Stopping right after the line with "forall x y (t : R), Y", please reproduce the material below exactly from its first line.
┌─ Supplied entries
Definition enorm {R : realType} {n : nat} (u : 'rV[R]_n) : R :=
  Num.sqrt (dot u u).

Definition Convex_setE {R : realType} {n : nat} (Y : set 'rV[R]_n) : Prop :=
  forall x y (t : R), Y x -> Y y -> 0 <= t <= 1 -> Y (t *: x + (1 - t) *: y).

Definition SOL {R : realType} {n : nat} (Y : set 'rV[R]_n)
  (G : 'rV[R]_n -> 'rV[R]_n) : set 'rV[R]_n :=
  [set x | Y x /\ forall y, Y y -> 0 <= dot (G x) (y - x)].

Definition Gap {R : realType} {n : nat} (x : 'rV[R]_n) (Y : set 'rV[R]_n)
  (G : 'rV[R]_n -> 'rV[R]_n) : \bar R :=
  ereal_sup [set (dot (G y) (x - y))%:E | y in Y].

(* Euclidean distance to a set: dist(x,Y) = inf_{y in Y} ||x - y||
   (equal to ||x - Pi_Y[x]|| for Y nonempty closed convex) *)
Definition dist {R : realType} {n : nat} (x : 'rV[R]_n) (Y : set 'rV[R]_n) : R :=
  inf [set enorm (x - y) | y in Y].

Definition B_H {R : realType} {n : nat} (X : set 'rV[R]_n)
  (F H : 'rV[R]_n -> 'rV[R]_n) : \bar R :=
  ereal_sup [set (enorm (H x))%:E | x in SOL X F].

Definition Lipschitz_onE {R : realType} {n : nat} (X : set 'rV[R]_n)
  (G : 'rV[R]_n -> 'rV[R]_n) (L : R) : Prop :=
  forall x y, X x -> X y -> enorm (G x - G y) <= L * enorm (x - y).

Definition Monotone_onE {R : realType} {n : nat} (X : set 'rV[R]_n)
  (G : 'rV[R]_n -> 'rV[R]_n) : Prop :=
  forall x y, X x -> X y -> 0 <= dot (G x - G y) (x - y).

Definition convex_fun {R : realType} {n : nat} (f : 'rV[R]_n -> R) : Prop :=
  forall x y (t : R), 0 <= t <= 1 ->
    f (t *: x + (1 - t) *: y) <= t * f x + (1 - t) * f y.

Definition strongly_convex_fun {R : realType} {n : nat} (mu : R)
  (f : 'rV[R]_n -> R) : Prop :=
  0 < mu /\ forall x y (t : R), 0 <= t <= 1 ->
    f (t *: x + (1 - t) *: y)
      <= t * f x + (1 - t) * f y - mu / 2 * t * (1 - t) * enorm (x - y) ^+ 2.

Definition is_gradient {R : realType} {n : nat} (f : 'rV[R]_n -> R)
  (H : 'rV[R]_n -> 'rV[R]_n) : Prop :=
  forall x, differentiable f x /\ forall v, 'd f x v = dot (H x) v.

Definition argmin_on {R : realType} {n : nat} (f : 'rV[R]_n -> R)
  (Y : set 'rV[R]_n) (xs : 'rV[R]_n) : Prop :=
  Y xs /\ forall y, Y y -> f xs <= f y.

Definition weakly_sharp {R : realType} {n : nat} (X : set 'rV[R]_n)
  (F : 'rV[R]_n -> 'rV[R]_n) (alpha M : R) : Prop :=
  0 < alpha /\ 1 <= M /\
  forall x xs, X x -> SOL X F xs ->
    alpha * dist x (SOL X F) `^ M <= dot (F xs) (x - xs).

From HB Require Import structures.
From mathcomp Require Import all_boot all_order all_algebra.
From mathcomp Require Import all_classical all_reals all_analysis.
From mathcomp Require Import ring lra.
Import Order.TTheory GRing.Theory Num.Theory.
Import numFieldNormedType.Exports.
Local Open Scope classical_set_scope.
Local Open Scope ring_scope.

(* Write S = SOL(X,F). By Minty's lemma, for monotone Lipschitz F on convex X,
   S = {x in X | <F w, w - x> >= 0 for all w in X}, an intersection of X with closed
   half-spaces; so S is closed and convex.
   (i) For y in S, Gap(x,S,H) >= <H y, x - y> >= -|H y| |x - y| >= -B_H |x - y|; take
   the infimum over y.
   (ii) At a minimiser x* of f over S, the gradient inequality
   f x - f x* >= <grad f x*, x - x*> + m |x - x*|^2 (m = 0, resp. mu/2) and first-order
   optimality <grad f x*, y - x*> >= 0 on S give
   f x - f x* >= <grad f x*, x - y> + m |x - x*|^2 for every y in S; again take the
   infimum. A minimiser exists in the strongly convex case because the sublevel sets of
   f in S are closed and bounded.
   (iii) Weak sharpness bounds alpha dist(x,S)^M by <F x*, x - x*> <= Gap(x,X,F). *)

Section InnerProduct.
Context {R : realType} {n : nat}.
Implicit Types (u v w : 'rV[R]_n) (a : R).

Lemma dotC u v : dot u v = dot v u.
Proof. by apply: eq_bigr => i _; rewrite mulrC. Qed.

Lemma dotDl u v w : dot (u + v) w = dot u w + dot v w.
Proof. by rewrite /dot -big_split; apply: eq_bigr => i _; rewrite mxE mulrDl. Qed.

Lemma dotZl a u v : dot (a *: u) v = a * dot u v.
Proof. by rewrite /dot mulr_sumr; apply: eq_bigr => i _; rewrite mxE mulrA. Qed.

Lemma dotDr u v w : dot u (v + w) = dot u v + dot u w.
Proof. by rewrite dotC dotDl !(dotC u). Qed.

Lemma dotZr a u v : dot u (a *: v) = a * dot u v.
Proof. by rewrite dotC dotZl dotC. Qed.

Lemma dotNl u v : dot (- u) v = - dot u v.
Proof. by rewrite -scaleN1r dotZl mulN1r. Qed.

Lemma dotNr u v : dot u (- v) = - dot u v.
Proof. by rewrite -scaleN1r dotZr mulN1r. Qed.

Lemma dotBl u v w : dot (u - v) w = dot u w - dot v w.
Proof. by rewrite dotDl dotNl. Qed.

Lemma dotBr u v w : dot u (v - w) = dot u v - dot u w.
Proof. by rewrite dotDr dotNr. Qed.

Lemma dot0r u : dot u 0 = 0.
Proof. by rewrite -(scale0r (0 : 'rV[R]_n)) dotZr mul0r. Qed.

Lemma dotxx_ge0 u : 0 <= dot u u.
Proof. by apply: sumr_ge0 => i _; rewrite -expr2 sqr_ge0. Qed.

Lemma dotxx_eq0 u : (dot u u == 0) = (u == 0).
Proof.
apply/idP/eqP => [|->]; last by rewrite dot0r.
rewrite psumr_eq0 => [/allP u0|i _]; last by rewrite -expr2 sqr_ge0.
apply/rowP => i; rewrite mxE; apply/eqP.
by rewrite -sqrf_eq0 expr2 (eqP (u0 i _)) ?mem_index_enum.
Qed.

Lemma enorm_ge0 u : 0 <= enorm u.
Proof. exact: sqrtr_ge0. Qed.

Lemma enorm_sqr u : enorm u ^+ 2 = dot u u.
Proof. by rewrite sqr_sqrtr // dotxx_ge0. Qed.

Lemma enorm_eq0 u : (enorm u == 0) = (u == 0).
Proof. by rewrite sqrtr_eq0 -dotxx_eq0 eq_le dotxx_ge0 andbT. Qed.

Lemma enormN u : enorm (- u) = enorm u.
Proof. by rewrite /enorm dotNl dotNr opprK. Qed.

Lemma enormB u v : enorm (u - v) = enorm (v - u).
Proof. by rewrite -enormN opprB. Qed.

Lemma enormZ a u : enorm (a *: u) = `|a| * enorm u.
Proof. by rewrite /enorm dotZl dotZr mulrA sqrtrM ?sqr_ge0 // -expr2 sqrtr_sqr. Qed.

Lemma cauchy_schwarz u v : dot u v <= enorm u * enorm v.
Proof.
have [->|u0] := eqVneq u 0; first by rewrite dotC dot0r /enorm dot0r sqrtr0 mul0r.
have [->|v0] := eqVneq v 0; first by rewrite dot0r /enorm dot0r sqrtr0 mulr0.
have pos_uv : 0 < enorm u * enorm v.
  by rewrite mulr_gt0 // lt0r enorm_eq0 ?u0 ?v0 enorm_ge0.
have := dotxx_ge0 (enorm v *: u - enorm u *: v).
rewrite !(dotBl, dotBr, dotZl, dotZr) -!enorm_sqr (dotC v u) => sq_ge0.
rewrite -subr_ge0 -(pmulr_rge0 _ pos_uv); lra.
Qed.

Lemma cauchy_schwarzN u v : - (enorm u * enorm v) <= dot u v.
Proof. by rewrite lerNl -dotNl -(enormN u) cauchy_schwarz. Qed.

Lemma enormD u v : enorm (u + v) <= enorm u + enorm v.
Proof.
rewrite -ler_sqr ?nnegrE ?addr_ge0 ?enorm_ge0 //.
rewrite enorm_sqr sqrrD !enorm_sqr dotDl !dotDr (dotC v u).
by have := cauchy_schwarz u v; lra.
Qed.

End InnerProduct.

Section EuclideanTopology.
Context {R : realType} {n : nat}.
Implicit Types (u x z : 'rV[R]_n) (S : set 'rV[R]_n).

Lemma coord_le_enorm u i : `|u ord0 i| <= enorm u.
Proof.
rewrite -(sqrtr_sqr (u ord0 i)) ler_sqrt ?dotxx_ge0 //.
rewrite /dot (bigD1 i) //= -expr2 lerDl; apply: sumr_ge0 => j _.
by rewrite -expr2 sqr_ge0.
Qed.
└─
## Written answer
Definition enorm {R : realType} {n : nat} (u : 'rV[R]_n) : R :=
  Num.sqrt (dot u u).

Definition Convex_setE {R : realType} {n : nat} (Y : set 'rV[R]_n) : Prop :=
  forall x y (t : R), Y x -> Y y -> 0 <= t <= 1 -> Y (t *: x + (1 - t) *: y).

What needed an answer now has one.